Content starts

(* Consider the following chemical reaction network (the ERK cascade without feedback in which MEK and ERK share the same phosphatase PH) with 21 species RAF, pRAF, MEK, pMEK, ppMEK, ERK, pERK, ppERK, RAS, RAFPH, PH, RAS-RAF, MEK-pRAF, pMEK-pRAF, ERK-ppMEK, pERK-ppMEK, RAF-RAFPH, ppMEK-PH, pMEK-PH, ppERK-PH, pERK-PH and 30 reactions with rate constants $k_1,\dots,k_{30}$: RAF + RAS $\underset{k_2}{\overset{k_1}{\rightleftarrows}}$ RAS-RAF $\overset{k_3}{\to}$ pRAF + RAS; pRAF + RAFPH $\underset{k_5}{\overset{k_4}{\rightleftarrows}}$ RAF-RAFPH $\overset{k_6}{\to}$ RAF + RAFPH; MEK + pRAF $\underset{k_8}{\overset{k_7}{\rightleftarrows}}$ MEK-pRAF $\overset{k_9}{\to}$ pMEK + pRAF $\underset{k_{11}}{\overset{k_{10}}{\rightleftarrows}}$ pMEK-pRAF $\overset{k_{12}}{\to}$ ppMEK + pRAF; ppMEK + PH $\underset{k_{14}}{\overset{k_{13}}{\rightleftarrows}}$ ppMEK-PH $\overset{k_{15}}{\to}$ pMEK + PH $\underset{k_{17}}{\overset{k_{16}}{\rightleftarrows}}$ pMEK-PH $\overset{k_{18}}{\to}$ MEK + PH; ERK + ppMEK $\underset{k_{20}}{\overset{k_{19}}{\rightleftarrows}}$ ERK-ppMEK $\overset{k_{21}}{\to}$ pERK + ppMEK $\underset{k_{23}}{\overset{k_{22}}{\rightleftarrows}}$ pERK-ppMEK $\overset{k_{24}}{\to}$ ppERK + ppMEK; ppERK + PH $\underset{k_{26}}{\overset{k_{25}}{\rightleftarrows}}$ ppERK-PH $\overset{k_{27}}{\to}$ pERK + PH $\underset{k_{29}}{\overset{k_{28}}{\rightleftarrows}}$ pERK-PH $\overset{k_{30}}{\to}$ ERK + PH. Then for every choice of positive rate constants $k\in\mathbb{R}^{30}_{>0}$, the associated mass-action system has toric steady states; in particular its steady state ideal is a binomial ideal.
   Context: For a reaction network with species concentrations $x=(x_1,\dots,x_s)$ and reactions $y\to y'$ (complexes $y,y'\in\mathbb{Z}_{\ge0}^s$, where a complex is a formal sum of species) with positive rate constants, the mass-action system is $\dot x = f(x;k)=\sum_{\text{reactions } y\to y'} k_{y\to y'}\, x^{y}(y'-y)$, whose components $f_1,\dots,f_s$ are polynomials in $x$. The steady state ideal is $J=\langle f_1,\dots,f_s\rangle\subseteq\mathbb{R}[x_1,\dots,x_s]$. The system has toric steady states if $J$ can be generated by binomials (polynomials with at most two terms) and $J$ admits nonnegative zeros. *)

From mathcomp Require Import all_boot all_algebra.
From mathcomp Require Import mpoly.
Set Implicit Arguments. Unset Strict Implicit. Unset Printing Implicit Defensive.
Import GRing.Theory.
Local Open Scope ring_scope.

(* A reaction y -> y' with rate constant index: reactant complex and product
   complex are given as multisets (lists) of species indices. *)
Definition reaction (n m : nat) := (seq 'I_n * seq 'I_n * 'I_m)%type.

Definition cmonom (R : ringType) (n : nat) (y : seq 'I_n) : {mpoly R[n]} :=
  \prod_(i <- y) 'X_i.

Definition massaction (R : ringType) (n m : nat) (rxns : seq (reaction n m))
  (k : 'I_m -> R) (s : 'I_n) : {mpoly R[n]} :=
  \sum_(r <- rxns)
     (k r.2 * ((count_mem s r.1.2)%:R - (count_mem s r.1.1)%:R)) *: cmonom R r.1.1.

Definition in_ideal (R : ringType) (n : nat) (gs : seq {mpoly R[n]}) (p : {mpoly R[n]}) : Prop :=
  exists cs : seq {mpoly R[n]}, size cs = size gs /\
    p = \sum_(i < size gs) cs`_i * gs`_i.

Definition is_binomial (R : ringType) (n : nat) (p : {mpoly R[n]}) : bool :=
  (size (msupp p) <= 2)%N.

Definition ss_gens (R : ringType) (n m : nat) (rxns : seq (reaction n m)) (k : 'I_m -> R)
  : seq {mpoly R[n]} := [seq massaction rxns k s | s <- enum 'I_n].

Definition has_toric_steady_states (R : realDomainType) (n m : nat)
  (rxns : seq (reaction n m)) (k : 'I_m -> R) : Prop :=
  (exists gs : seq {mpoly R[n]}, all (@is_binomial R n) gs /\
     forall p, in_ideal gs p <-> in_ideal (ss_gens rxns k) p)
  /\ (exists x : 'I_n -> R, (forall i, 0 <= x i) /\
        forall s, (massaction rxns k s).@[x] = 0).

(* Species (0-based):
   0 RAF, 1 pRAF, 2 MEK, 3 pMEK, 4 ppMEK, 5 ERK, 6 pERK, 7 ppERK, 8 RAS,
   9 RAFPH, 10 PH, 11 RAS-RAF, 12 MEK-pRAF, 13 pMEK-pRAF, 14 ERK-ppMEK,
   15 pERK-ppMEK, 16 RAF-RAFPH, 17 ppMEK-PH, 18 pMEK-PH, 19 ppERK-PH, 20 pERK-PH.
   Rate constant k_j is index j-1. *)
Definition erk_raw : seq (seq nat * seq nat * nat) :=
  [:: ([:: 0; 8], [:: 11], 0); ([:: 11], [:: 0; 8], 1); ([:: 11], [:: 1; 8], 2);
      ([:: 1; 9], [:: 16], 3); ([:: 16], [:: 1; 9], 4); ([:: 16], [:: 0; 9], 5);
      ([:: 2; 1], [:: 12], 6); ([:: 12], [:: 2; 1], 7); ([:: 12], [:: 3; 1], 8);
      ([:: 3; 1], [:: 13], 9); ([:: 13], [:: 3; 1], 10); ([:: 13], [:: 4; 1], 11);
      ([:: 4; 10], [:: 17], 12); ([:: 17], [:: 4; 10], 13); ([:: 17], [:: 3; 10], 14);
      ([:: 3; 10], [:: 18], 15); ([:: 18], [:: 3; 10], 16); ([:: 18], [:: 2; 10], 17);
      ([:: 5; 4], [:: 14], 18); ([:: 14], [:: 5; 4], 19); ([:: 14], [:: 6; 4], 20);
      ([:: 6; 4], [:: 15], 21); ([:: 15], [:: 6; 4], 22); ([:: 15], [:: 7; 4], 23);
      ([:: 7; 10], [:: 19], 24); ([:: 19], [:: 7; 10], 25); ([:: 19], [:: 6; 10], 26);
      ([:: 6; 10], [:: 20], 27); ([:: 20], [:: 6; 10], 28); ([:: 20], [:: 5; 10], 29)].

Definition erk_network : seq (reaction 21 30) :=
  [seq ([seq (inord i : 'I_21) | i <- r.1.1], [seq (inord i : 'I_21) | i <- r.1.2],
        (inord r.2 : 'I_30)) | r <- erk_raw].

(* Every f_s is a combination of the mass-action monomials k_r x^(y_r), and
   summing f_s over a suitable set of species cancels all but at most two of
   them (the intermediate complexes are produced and consumed within the set).
   Seventeen such sums are binomials, and every f_s is in turn an integer
   combination of them, so they generate the steady-state ideal. Both facts
   only involve the stoichiometry, not the rate constants, and are checked by evaluation on the list of reactions. The
   origin is a nonnegative steady state since no reactant complex is empty. *)

From mathcomp Require Import all_boot all_algebra.
From mathcomp Require Import mpoly.
Set Implicit Arguments. Unset Strict Implicit. Unset Printing Implicit Defensive.
Import GRing.Theory.
Local Open Scope ring_scope.

Section IdealMembership.
Variables (R : nzRingType) (n : nat).
Implicit Types (gs hs : seq {mpoly R[n]}) (p q : {mpoly R[n]}).

Lemma in_idealE gs p :
  in_ideal gs p <-> exists c : nat -> {mpoly R[n]}, p = \sum_(i < size gs) c i * gs`_i.
Proof.
split; first by move=> [cs [_ ->]]; exists (nth 0 cs).
move=> [c ->]; exists (mkseq c (size gs)); rewrite size_mkseq; split => //.
by apply: eq_bigr => i _; rewrite nth_mkseq.
Qed.

Lemma in_ideal0 gs : in_ideal gs 0.
Proof. by apply/in_idealE; exists (fun _ => 0); rewrite big1 // => i _; rewrite mul0r. Qed.

Lemma in_idealD gs p q : in_ideal gs p -> in_ideal gs q -> in_ideal gs (p + q).
Proof.
move=> /in_idealE [c1 ->] /in_idealE [c2 ->]; apply/in_idealE.
exists (fun i => c1 i + c2 i).
by rewrite -big_split; apply: eq_bigr => i _; rewrite mulrDl.
Qed.

Lemma in_idealMl gs a p : in_ideal gs p -> in_ideal gs (a * p).
Proof.
move=> /in_idealE [c ->]; apply/in_idealE; exists (fun i => a * c i).
by rewrite mulr_sumr; apply: eq_bigr => i _; rewrite mulrA.
Qed.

Content ends

▸ **Task statement**: Print only the lines from the one with "split; first by" to the end of the records, both included.

▸ **Result for this task**:
split; first by move=> [cs [_ ->]]; exists (nth 0 cs).
move=> [c ->]; exists (mkseq c (size gs)); rewrite size_mkseq; split => //.
by apply: eq_bigr => i _; rewrite nth_mkseq.
Qed.

Lemma in_ideal0 gs : in_ideal gs 0.
Proof. by apply/in_idealE; exists (fun _ => 0); rewrite big1 // => i _; rewrite mul0r. Qed.

Lemma in_idealD gs p q : in_ideal gs p -> in_ideal gs q -> in_ideal gs (p + q).
Proof.
move=> /in_idealE [c1 ->] /in_idealE [c2 ->]; apply/in_idealE.
exists (fun i => c1 i + c2 i).
by rewrite -big_split; apply: eq_bigr => i _; rewrite mulrDl.
Qed.

Lemma in_idealMl gs a p : in_ideal gs p -> in_ideal gs (a * p).
Proof.
move=> /in_idealE [c ->]; apply/in_idealE; exists (fun i => a * c i).
by rewrite mulr_sumr; apply: eq_bigr => i _; rewrite mulrA.
Qed.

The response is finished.